Love that "any decent person" bit. Brooks' evidence of McCain's reformist purity doesn't pass the laugh test.
In 1996, McCain was one of five senators, and the only Republican, to vote against the Telecommunications Act. He did it because he believed the act gave away too much to the telecommunications companies, and protected them from true competition. He noted that AT&T alone gave $780,000 to Republicans and $456,000 to Democrats in the year leading up to the vote.
In 2000, McCain ran for president and reiterated his longstanding opposition to ethanol subsidies. Though it crippled his chances in Iowa, he argued that ethanol was a wasteful giveaway. A recent study in the journal Science has shown that when you take all impacts into consideration, ethanol consumption increases greenhouse gas emissions compared with regular gasoline. Unlike, say, Barack Obama, McCain still opposes ethanol subsidies.
Reading that, you'd almost think that McCain believes ethanol is objectionable because it "increases greenhouse gas emissions." Well, he did … until 2006.
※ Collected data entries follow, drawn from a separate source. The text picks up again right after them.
(* Let $\beta>0$, set $\alpha=1/\beta$, and let $m,n\ge 1$ be integers and $\mathbf{M}$ a real $m\times n$ matrix. Let $\mathbf{x}^{n,\beta}\in\mathbb{H}^{n,\beta}$ and let $\mathbf{x}^{n,\alpha}=p_{\mathbb{H}^{n,\beta}\to\mathbb{D}^{n,\alpha}}(\mathbf{x}^{n,\beta})\in\mathbb{D}^{n,\alpha}$ be the same point of hyperbolic space represented in the Poincar\'e ball model. Then the Lorentzian matrix-vector multiplication and the M\''obius matrix-vector multiplication are equivalent, i.e. $$p_{\mathbb{H}^{m,\beta}\to\mathbb{D}^{m,\alpha}}\big(\mathbf{M}\otimes^{\beta}\mathbf{x}^{n,\beta}\big)=\mathbf{M}\otimes^{\alpha}\mathbf{x}^{n,\alpha}.$$
   Context: Lorentzian scalar product on $\mathbb{R}^{n+1}$: $\langle \mathbf{x},\mathbf{y}\rangle_{\mathcal{L}}=-x_0y_0+\sum_{i=1}^n x_iy_i$, and $\|\mathbf{v}\|_{\mathcal{L}}=\sqrt{\langle\mathbf{v},\mathbf{v}\rangle_{\mathcal{L}}}$. Hyperboloid model: $\mathbb{H}^{n,\beta}=\{\mathbf{x}\in\mathbb{R}^{n+1}:\langle\mathbf{x},\mathbf{x}\rangle_{\mathcal{L}}=-\beta,\ x_0>0\}$, with origin $\mathbf{0}=(\sqrt{\beta},0,\dots,0)$ and tangent space $\mathcal{T}_{\mathbf{0}}\mathbb{H}^{n,\beta}=\{\mathbf{v}:\langle\mathbf{v},\mathbf{0}\rangle_{\mathcal{L}}=0\}=\{\mathbf{v}:v_0=0\}$. Intrinsic distance $d^\beta_{\mathbb{H}}(\mathbf{x},\mathbf{y})=\sqrt{\beta}\,\mathrm{arcosh}(-\langle\mathbf{x},\mathbf{y}\rangle_{\mathcal{L}}/\beta)$. Exponential map at the origin: for $\mathbf{v}\in\mathcal{T}_{\mathbf{0}}\mathbb{H}^{n,\beta}$, $\mathbf{v}\neq 0$, $\exp^\beta_{\mathbf{0}}(\mathbf{v})=\cosh(\|\mathbf{v}\|_{\mathcal{L}}/\sqrt{\beta})\mathbf{0}+\sqrt{\beta}\sinh(\|\mathbf{v}\|_{\mathcal{L}}/\sqrt{\beta})\,\mathbf{v}/\|\mathbf{v}\|_{\mathcal{L}}$, and $\exp^\beta_{\mathbf{0}}(0)=\mathbf{0}$. Logarithmic map at the origin: for $\mathbf{y}\in\mathbb{H}^{n,\beta}$, $\mathbf{y}\ne\mathbf{0}$, $\log^\beta_{\mathbf{0}}(\mathbf{y})=d^\beta_{\mathbb{H}}(\mathbf{0},\mathbf{y})\,\frac{\mathbf{y}+\frac1\beta\langle\mathbf{0},\mathbf{y}\rangle_{\mathcal{L}}\mathbf{0}}{\|\mathbf{y}+\frac1\beta\langle\mathbf{0},\mathbf{y}\rangle_{\mathcal{L}}\mathbf{0}\|_{\mathcal{L}}}$, and $\log^\beta_{\mathbf{0}}(\mathbf{0})=0$. Lorentzian matrix-vector multiplication: for $\mathbf{x}\in\mathbb{H}^{n,\beta}$, writing $\log^\beta_{\mathbf{0}}(\mathbf{x})=(v_0,v_1,\dots,v_n)$, set $\hat{\mathbf{M}}(\mathbf{v})=(0,\mathbf{M}(v_1,\dots,v_n)^T)\in\mathbb{R}^{m+1}$ and $\mathbf{M}\otimes^\beta\mathbf{x}=\exp^\beta_{\mathbf{0}}(\hat{\mathbf{M}}(\log^\beta_{\mathbf{0}}(\mathbf{x})))\in\mathbb{H}^{m,\beta}$ (exponential map of $\mathbb{H}^{m,\beta}$). Poincar\'e ball model: $\mathbb{D}^{n,\alpha}=\{\mathbf{x}\in\mathbb{R}^n:\alpha\|\mathbf{x}\|^2<1\}$ (Euclidean norm). M\''obius matrix-vector multiplication: $\mathbf{M}\otimes^\alpha\mathbf{x}=\frac{1}{\sqrt{\alpha}}\tanh\!\Big(\frac{\|\mathbf{M}\mathbf{x}\|}{\|\mathbf{x}\|}\tanh^{-1}(\sqrt{\alpha}\|\mathbf{x}\|)\Big)\frac{\mathbf{M}\mathbf{x}}{\|\mathbf{M}\mathbf{x}\|}$ for $\mathbf{M}\mathbf{x}\neq 0$, and $=0$ if $\mathbf{M}\mathbf{x}=0$. Isometry between models: $p_{\mathbb{H}^{n,\beta}\to\mathbb{D}^{n,\alpha}}(x_0,x_1,\dots,x_n)=\frac{\sqrt{\beta}(x_1,\dots,x_n)}{\sqrt{\beta}+x_0}$. *)

From HB Require Import structures.
From mathcomp Require Import all_boot all_order all_algebra.
From mathcomp Require Import all_classical all_reals.
From mathcomp Require Import sequences exp.
Set Implicit Arguments. Unset Strict Implicit. Unset Printing Implicit Defensive.
Import Order.TTheory GRing.Theory Num.Theory.
Local Open Scope ring_scope.

Section Hyperbolic.
Variable R : realType.

Definition cosh (t : R) : R := (expR t + expR (- t)) / 2.
Definition sinh (t : R) : R := (expR t - expR (- t)) / 2.
Definition tanh (t : R) : R := sinh t / cosh t.
Definition arcosh (t : R) : R := ln (t + Num.sqrt (t ^+ 2 - 1)).
Definition artanh (t : R) : R := ln ((1 + t) / (1 - t)) / 2.

(* Vectors of R^{n+1} are columns 'cV_(1+n): coordinate x_0 is the top
   entry, (x_1,...,x_n) is the bottom block. *)
Definition hd {n} (x : 'cV[R]_(1 + n)) : R := usubmx x 0 0.
Definition tl {n} (x : 'cV[R]_(1 + n)) : 'cV[R]_n := dsubmx x.

Definition lprod {n} (x y : 'cV[R]_(1 + n)) : R :=
  - (hd x * hd y) + \sum_(i < n) tl x i 0 * tl y i 0.
Definition lnorm {n} (v : 'cV[R]_(1 + n)) : R := Num.sqrt (lprod v v).

Definition hyperboloid (n : nat) (beta : R) (x : 'cV[R]_(1 + n)) : Prop :=
  lprod x x = - beta /\ 0 < hd x.

Definition horigin (n : nat) (beta : R) : 'cV[R]_(1 + n) :=
  col_mx (Num.sqrt beta)%:M 0.

Definition hdist {n} (beta : R) (x y : 'cV[R]_(1 + n)) : R :=
  Num.sqrt beta * arcosh (- lprod x y / beta).

Definition expo {n} (beta : R) (v : 'cV[R]_(1 + n)) : 'cV[R]_(1 + n) :=
  if v == 0 then horigin n beta
  else cosh (lnorm v / Num.sqrt beta) *: horigin n beta
       + (Num.sqrt beta * sinh (lnorm v / Num.sqrt beta) / lnorm v) *: v.

Definition logo {n} (beta : R) (y : 'cV[R]_(1 + n)) : 'cV[R]_(1 + n) :=
  if y == horigin n beta then 0
  else let w := y + (lprod (horigin n beta) y / beta) *: horigin n beta in
       (hdist beta (horigin n beta) y / lnorm w) *: w.

Definition Mhat {m n} (M : 'M[R]_(m, n)) (v : 'cV[R]_(1 + n)) : 'cV[R]_(1 + m) :=
  col_mx 0 (M *m tl v).
Definition lorentz_mul {m n} (beta : R) (M : 'M[R]_(m, n))
  (x : 'cV[R]_(1 + n)) : 'cV[R]_(1 + m) :=
  expo beta (Mhat M (logo beta x)).

Definition enorm {n} (x : 'cV[R]_n) : R :=
  Num.sqrt (\sum_(i < n) x i 0 ^+ 2).

Definition pball (n : nat) (alpha : R) (x : 'cV[R]_n) : Prop :=
  alpha * enorm x ^+ 2 < 1.

Definition mobius_mul {m n} (alpha : R) (M : 'M[R]_(m, n)) (x : 'cV[R]_n)
  : 'cV[R]_m :=
  if M *m x == 0 then 0
  else (tanh (enorm (M *m x) / enorm x * artanh (Num.sqrt alpha * enorm x))
        / Num.sqrt alpha / enorm (M *m x)) *: (M *m x).

Definition p_HD {n} (beta : R) (x : 'cV[R]_(1 + n)) : 'cV[R]_n :=
  (Num.sqrt beta / (Num.sqrt beta + hd x)) *: tl x.

End Hyperbolic.

From mathcomp Require Import all_boot all_order all_algebra.
From mathcomp Require Import all_classical all_reals.
From mathcomp Require Import sequences exp.
From mathcomp Require Import ring lra.
Import Order.TTheory GRing.Theory Num.Theory.
Local Open Scope ring_scope.
Set Implicit Arguments. Unset Strict Implicit.

(* Let b = sqrt beta and write x = (x0, u).  On the hyperboloid x0 = b cosh d and
   |u| = b sinh d with d = arcosh (x0 / b) (x lies at distance b d from the
   origin), so log_0 x = (0, b d u / |u|).  Applying M scales that distance by |M u| / |u|,
   and by the half-angle formula sinh t / (1 + cosh t) = tanh (t / 2) the ball
   image of exp_0 (0, w) is b tanh (|w| / 2b) w / |w|.  On the ball side,
   p x = b u / (b + x0) has norm b tanh (d / 2), so the Mobius product also
   multiplies the half-distance d / 2 by |M u| / |u| in the direction of M u. *)

Section HyperbolicFunctions.
Variable R : realType.

Lemma cosh0 : cosh (0 : R) = 1.
Proof. by rewrite /cosh oppr0 expR0; field. Qed.

Lemma tanh_half (s : R) : sinh s / (1 + cosh s) = tanh (s / 2).
Proof.
rewrite /tanh /sinh /cosh.
set q := expR (s / 2).
have q_gt0 : 0 < q by apply: expR_gt0.
have -> : expR s = q * q by rewrite -expRD -splitr.
have -> : expR (- s) = (q * q)^-1 by rewrite expRN -expRD -splitr.
have -> : expR (- (s / 2)) = q^-1 by rewrite expRN.
have h1 : q * q + 1 != 0 by rewrite gt_eqF // addr_gt0 // mulr_gt0.
have h2 : q * q * 2 + (q * q * (q * q) + 1) != 0.
  by rewrite gt_eqF // addr_gt0 // ?mulr_gt0 // addr_gt0 // !mulr_gt0.
by field; rewrite gt_eqF // h1 h2.
Qed.

Lemma cosh_gt0 (t : R) : 0 < cosh t.
Proof. by rewrite divr_gt0 // addr_gt0 // expR_gt0. Qed.

Lemma arcosh_gt0 (t : R) : 1 < t -> 0 < arcosh t.
Proof. by move=> t1; apply: ln_gt0; rewrite -[1]addr0 ltr_leD // sqrtr_ge0. Qed.

(* With [x0 = b cosh d] and [U = b sinh d], both sides equal [d / 2]. *)
Lemma artanh_arcosh_half (b x0 U : R) :
  0 < b -> 0 <= x0 -> 0 <= U -> x0 ^+ 2 = b ^+ 2 + U ^+ 2 ->
  artanh (U / (b + x0)) = arcosh (x0 / b) / 2.
Proof.
move=> b_gt0 x0_ge0 U_ge0 x_sqr.
have bx0_gt0 : 0 < b + x0 by lra.
have U_le_x0 : U <= x0 by rewrite -(ler_pXn2r (isT : (0 < 2)%N)) ?nnegrE // x_sqr lerDr sqr_ge0.
have bxU_neq0 : b + x0 - U != 0 by rewrite gt_eqF //; lra.
rewrite /artanh /arcosh; congr (ln _ / _).
have -> : (x0 / b) ^+ 2 - 1 = (U / b) ^+ 2.
  by rewrite !expr_div_n x_sqr; field; rewrite gt_eqF // exprn_gt0.
rewrite sqrtr_sqr ger0_norm ?divr_ge0 ?(ltW b_gt0) //.
have -> : (1 + U / (b + x0)) / (1 - U / (b + x0)) = (b + x0 + U) / (b + x0 - U).
  by field; rewrite bxU_neq0 gt_eqF.
rewrite -mulrDl; apply/eqP; rewrite eqr_div ?(gt_eqF b_gt0) //; apply/eqP; lra.
Qed.

End HyperbolicFunctions.

Section EuclideanNorm.
Variable R : realType.
Implicit Types (n : nat) (c : R).

Lemma mobius_mulE m n (alpha : R) (M : 'M[R]_(m, n)) (x : 'cV[R]_n) :
  mobius_mul alpha M x =
  (tanh (enorm (M *m x) / enorm x * artanh (Num.sqrt alpha * enorm x))
    / Num.sqrt alpha / enorm (M *m x)) *: (M *m x).
Proof. by rewrite /mobius_mul; case: eqP => [->|//]; rewrite scaler0. Qed.

Lemma enorm_ge0 n (u : 'cV[R]_n) : 0 <= enorm u.
Proof. exact: sqrtr_ge0. Qed.

Lemma enorm_sqr n (u : 'cV[R]_n) : enorm u ^+ 2 = \sum_(i < n) u i 0 ^+ 2.
Proof. by rewrite sqr_sqrtr // sumr_ge0 // => i _; rewrite sqr_ge0. Qed.

Lemma enorm_eq0 n (u : 'cV[R]_n) : (enorm u == 0) = (u == 0).
Proof.
have sq_ge0 i : 0 <= u i 0 ^+ 2 by rewrite sqr_ge0.
apply/idP/eqP => [|->]; last by rewrite /enorm big1 ?sqrtr0 // => i _; rewrite mxE expr0n.
rewrite sqrtr_eq0 => sum_le0.
have sum0 : \sum_(i < n) u i 0 ^+ 2 = 0 by apply/eqP; rewrite eq_le sum_le0 sumr_ge0.
apply/matrixP => i j; rewrite (ord1 j) mxE; apply/eqP; rewrite -sqrf_eq0; apply/eqP.
exact: (psumr_eq0P (fun i _ => sq_ge0 i) sum0).
Qed.

Lemma enorm_gt0 n (u : 'cV[R]_n) : (0 < enorm u) = (u != 0).
Proof. by rewrite lt_def enorm_eq0 enorm_ge0 andbT. Qed.

Lemma enorm0 n : enorm (0 : 'cV[R]_n) = 0.
Proof. by apply/eqP; rewrite enorm_eq0. Qed.

Lemma enormZ n c (u : 'cV[R]_n) : 0 <= c -> enorm (c *: u) = c * enorm u.
Proof.
move=> c0; rewrite /enorm -[X in X * _]ger0_norm // -sqrtr_sqr -sqrtrM ?sqr_ge0 //.
by rewrite mulr_sumr; congr Num.sqrt; apply: eq_bigr => i _; rewrite mxE exprMn.
Qed.

End EuclideanNorm.

Section LorentzModel.
Variable R : realType.
Implicit Types (n : nat) (beta : R).

Lemma hd_col_mx n (a : 'cV[R]_1) (w : 'cV[R]_n) : hd (col_mx a w) = a 0 0.
Proof. by rewrite /hd col_mxKu. Qed.

Lemma tl_col_mx n (a : 'cV[R]_1) (w : 'cV[R]_n) : tl (col_mx a w) = w.
Proof. by rewrite /tl col_mxKd. Qed.

Lemma col_mx_hd_tl n (x : 'cV[R]_(1 + n)) : x = col_mx (hd x)%:M (tl x).
Proof. by rewrite /hd /tl -mx11_scalar vsubmxK. Qed.

Lemma lprod_col_mx n (a c : 'cV[R]_1) (u v : 'cV[R]_n) :
  lprod (col_mx a u) (col_mx c v) = - (a 0 0 * c 0 0) + \sum_(i < n) u i 0 * v i 0.
Proof. by rewrite /lprod !hd_col_mx !tl_col_mx. Qed.

Lemma lnorm_tangent n (w : 'cV[R]_n) : lnorm (col_mx 0 w) = enorm w.
Proof.
rewrite /lnorm lprod_col_mx mxE mul0r oppr0 add0r.
by congr Num.sqrt; apply: eq_bigr => i _; rewrite expr2.
Qed.

Lemma hyperboloid_sqr n beta (x : 'cV[R]_(1 + n)) :
  hyperboloid beta x -> hd x ^+ 2 = beta + enorm (tl x) ^+ 2.
Proof.
case=> hx _; rewrite enorm_sqr -[beta]opprK -hx /lprod.
under eq_bigr do rewrite -expr2.
ring.
Qed.

Lemma tl_horigin n beta : tl (horigin n beta) = 0.
Proof. exact: tl_col_mx. Qed.

End LorentzModel.

Section MapsAtOrigin.
Variables (R : realType) (beta : R).
Hypothesis beta_gt0 : 0 < beta.
Local Notation b := (Num.sqrt beta).

Let b_gt0 : 0 < b. Proof. by rewrite sqrtr_gt0. Qed.

Let mul_sqrt_divE (y : R) : b * y / beta = y / b.
Proof.
(* [b] is generalized first, so that rewriting [beta] does not reach inside [Num.sqrt beta]. *)
have := sqr_sqrtr (ltW beta_gt0); move: b_gt0; move: b => c c_gt0 <-.
by field; rewrite gt_eqF.
Qed.

Lemma expo_tangent n (w : 'cV[R]_n) :
  expo beta (col_mx 0 w) =
  col_mx (b * cosh (enorm w / b))%:M ((b * sinh (enorm w / b) / enorm w) *: w).
Proof.
rewrite /expo col_mx_eq0 eqxx /= lnorm_tangent.
have [->|_] := eqVneq w 0.
  by rewrite enorm0 mul0r cosh0 mulr1 scaler0.
rewrite /horigin scale_col_mx scale_col_mx add_col_mx !scaler0 add0r addr0.
by rewrite scale_scalar_mx mulrC.
Qed.

Lemma p_HD_col_mx n (a : R) (w : 'cV[R]_n) :
  p_HD beta (col_mx a%:M w) = (b / (b + a)) *: w.
Proof. by rewrite /p_HD hd_col_mx tl_col_mx mxE mulr1n. Qed.

Lemma p_HD_expo_tangent n (w : 'cV[R]_n) :
  p_HD beta (expo beta (col_mx 0 w)) = (b * tanh (enorm w / b / 2) / enorm w) *: w.
Proof.
rewrite expo_tangent p_HD_col_mx scalerA.
have [->|w_neq0] := eqVneq w 0; first by rewrite !scaler0.
have w_gt0 : 0 < enorm w by rewrite enorm_gt0.
have ch_gt0 := cosh_gt0 (enorm w / b).
rewrite -tanh_half; congr (_ *: w).
by field; rewrite !gt_eqF // ?addr_gt0 // mulr_gt0.
Qed.

Lemma logo_hyperboloid n (x : 'cV[R]_(1 + n)) : hyperboloid beta x ->
  logo beta x = col_mx 0 ((b * arcosh (hd x / b) / enorm (tl x)) *: tl x).
Proof.
move=> hx; have := hyperboloid_sqr hx; have := hx.2.
rewrite /logo (col_mx_hd_tl x) hd_col_mx tl_col_mx mxE mulr1n.
move: (hd x) (tl x) => x0 u x0_gt0 x_sqr.
have [u0|u_neq0] := eqVneq u 0.
  have x0E : x0 = b.
    by rewrite -[x0]ger0_norm ?ltW // -sqrtr_sqr x_sqr u0 enorm0 expr0n addr0.
  by rewrite x0E u0 eqxx scaler0 col_mx0.
have -> : (col_mx x0%:M u == horigin n beta) = false.
  apply/negbTE; apply: contra u_neq0 => /eqP/(congr1 (@tl R n)).
  by rewrite tl_col_mx tl_horigin => ->.
have lp : lprod (horigin n beta) (col_mx x0%:M u) = - (b * x0).
  rewrite /horigin lprod_col_mx big1 => [|i _]; last by rewrite mxE mul0r.
  by rewrite !mxE !mulr1n addr0.
have -> : col_mx x0%:M u + (lprod (horigin n beta) (col_mx x0%:M u) / beta) *: horigin n beta
          = col_mx 0 u.
  rewrite lp /horigin scale_col_mx add_col_mx scaler0 addr0 scale_scalar_mx -raddfD /=.
  congr col_mx; rewrite [RHS]mx11_scalar mxE; congr _%:M.
  by rewrite mulNr mul_sqrt_divE mulNr divfK ?subrr // gt_eqF.
rewrite lnorm_tangent /hdist lp opprK scale_col_mx scaler0; congr (col_mx 0 (_ *: u)).
by rewrite mul_sqrt_divE.
Qed.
McCain may flatter himself into believing he has "battled concentrated power," but somehow he almost always manages to do so in such a way that the federal government ends up (or would end up, if his legislation passed) with more concentrated power, at the expense of the individual citizen. It happened with campaign-finance reform (which Brooks claims "was a direct assault on lobbyist power"), and it would happen in a McCain White House, even if he's good on ethanol subsidies.
In the meantime, we can expect a thick chunk of the New York Times op-ed page to bulldoze over these distinctions with absurdly absolutist statements about the man's nearly infallible virtue. It's gonna be fun.